Quando a Secretaria da Educação de São Paulo consolidou, a partir de 2023, plataformas como a Sala do Futuro no cotidiano escolar, vendeu uma imagem familiar ao neoliberalismo: a da modernização inevitável. A escola seria finalmente conectada, eficiente, orientada por evidências; o professor, auxiliado por instrumentos capazes de personalizar a aprendizagem. Mas a cena concreta é menos luminosa. Depois de conduzir uma aula para uma sala heterogênea, a professora precisa registrar presenças, alimentar sistemas, conferir tarefas, responder a mensagens, lidar com falhas de acesso e adequar o percurso pedagógico a conteúdos e métricas definidos fora de sua relação com os estudantes. O que se chama de inovação é também uma reorganização do comando sobre o trabalho.
É nesse chão que o trabalho imaterial deixa de ser uma fórmula de glossário. Ele não designa uma suposta fuga do trabalho para o reino etéreo das telas. Designa uma forma de exploração que alcança precisamente aquilo que parece mais humano e menos separável do trabalhador: linguagem, atenção, julgamento, cuidado, memória, comunicação e cooperação. A professora não entrega apenas aulas; ela mobiliza repertório, escuta o estudante que chega com fome ou exausto, interpreta silêncios, administra conflitos e produz condições para que uma turma possa aprender. A plataforma não cria essa inteligência coletiva. Ela a enquadra, a mede parcialmente e tenta submetê-la à sua lógica de registro.
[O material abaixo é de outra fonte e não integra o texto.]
Lemma level_measurable_pair {X Y : Type} {f : Omega -> X} {g : Omega -> Y} :
  level_measurable f -> level_measurable g ->
  level_measurable (fun w => (f w, g w)).
Proof.
move=> mf mg [x y].
rewrite [X in measurable X](_ : _ = [set w | f w = x] `&` [set w | g w = y]).
  exact: measurableI.
by apply/seteqP; split => [w /= [<- <-]|w [/= -> ->]].
Qed.

Lemma saturated_measurable (C : countType) (f : Omega -> C) (S : set Omega) :
  level_measurable f -> (forall w w', f w = f w' -> S w -> S w') ->
  measurable S.
Proof.
move=> mf satS.
have -> : S = \bigcup_(c in f @` S) f @^-1` [set c].
  apply/seteqP; split => [w Sw|w [_ [w' Sw' <-] /= fw]]; first by exists (f w).
  exact: satS Sw'.
rewrite bigcup_mkcond; apply: countable_bigcupT_measurable => [|c].
  exact: countableP.
by case: ifP => // _; exact: mf.
Qed.

End level_measurable.

Section nat_valued.
Context {d : measure_display} {Omega : measurableType d} {R : realType}.
Context {mu : {measure set Omega -> \bar R}} {A : set Omega}
  {X : Omega -> \bar R} {K : nat}.
Hypotheses (mA : measurable A) (mX : measurable_fun A X)
  (X_nat : forall w, A w -> exists k : nat, X w = k%:R%:E)
  (X_le_K : mu (A `&` [set w | (K%:R%:E < X w)%E]) = 0%E).

Let level (k : nat) := A `&` [set w | X w = k%:R%:E].
Let window := \big[setU/set0]_(0 <= k < K.+1) level k.
Let tail := A `&` [set w | (K%:R%:E < X w)%E].

Let measurable_level k : measurable (level k).
Proof. exact: mX mA _ (emeasurable_set1 _). Qed.

Let measurable_window : measurable window.
Proof. exact: bigsetU_measurable. Qed.

Let measurable_tail : measurable tail.
Proof.
have := mX mA _ (emeasurable_itv `]K%:R%:E, +oo%E]); congr measurable.
by apply/seteqP; split => w [Aw]; rewrite /= in_itv /= leey andbT.
Qed.

Let trivIset_level : trivIset setT level.
Proof.
move=> i j _ _ [w [[_ /= Xi] [_ /= Xj]]].
by apply/eqP; rewrite -(eqr_nat R) -eqe -Xi -Xj.
Qed.

Let X_ge0 w : A w -> (0 <= X w)%E.
Proof. by case/X_nat => k ->; rewrite lee_fin. Qed.

Let window_tail_partition : A = window `|` tail.
Proof.
apply/seteqP; split => [w Aw|w]; last first.
  by case=> [|[]//]; rewrite /window -bigcup_seq => -[k _ []].
have [k Xk] := X_nat _ Aw.
have [kK|Kk] := leqP k K.
  by left; rewrite /window -bigcup_seq; exists k; rewrite //= mem_index_iota ltnS.
by right; split => //=; rewrite Xk lte_fin ltr_nat.
Qed.

Let window_tail_disjoint : [disjoint window & tail].
Proof.
rewrite disj_set2E; apply/eqP/seteqP; split => // w [].
rewrite /window -bigcup_seq => -[k /=].
rewrite mem_index_iota ltnS => /andP[_ kK].
by move=> [_ /= Xk] [_ /=]; rewrite Xk lte_fin ltr_nat ltnNge kK.
Qed.

Let window_sub : window `<=` A.
Proof. by rewrite [X in _ `<=` X]window_tail_partition; exact: subsetUl. Qed.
A plataforma não ajuda apenas: ela reorganiza quem manda
Há uma ideologia muito eficiente na palavra ferramenta. Ferramentas pareceriam neutras: um caderno, uma lousa, um aplicativo, todos seriam simples meios postos à disposição de fins decididos por pessoas. Mas a técnica, como advertia Heidegger, não é apenas um conjunto inofensivo de utensílios. Ela pode organizar o mundo como reserva disponível, como algo a ser calculado, ordenado e explorado. Na escola plataformizada, alunos aparecem como perfis, acessos, trilhas, pendências e desempenhos; professores, como operadores de fluxos que precisam ser comprovados na interface. O ensino é progressivamente traduzido naquilo que o sistema consegue pedir, registrar e comparar.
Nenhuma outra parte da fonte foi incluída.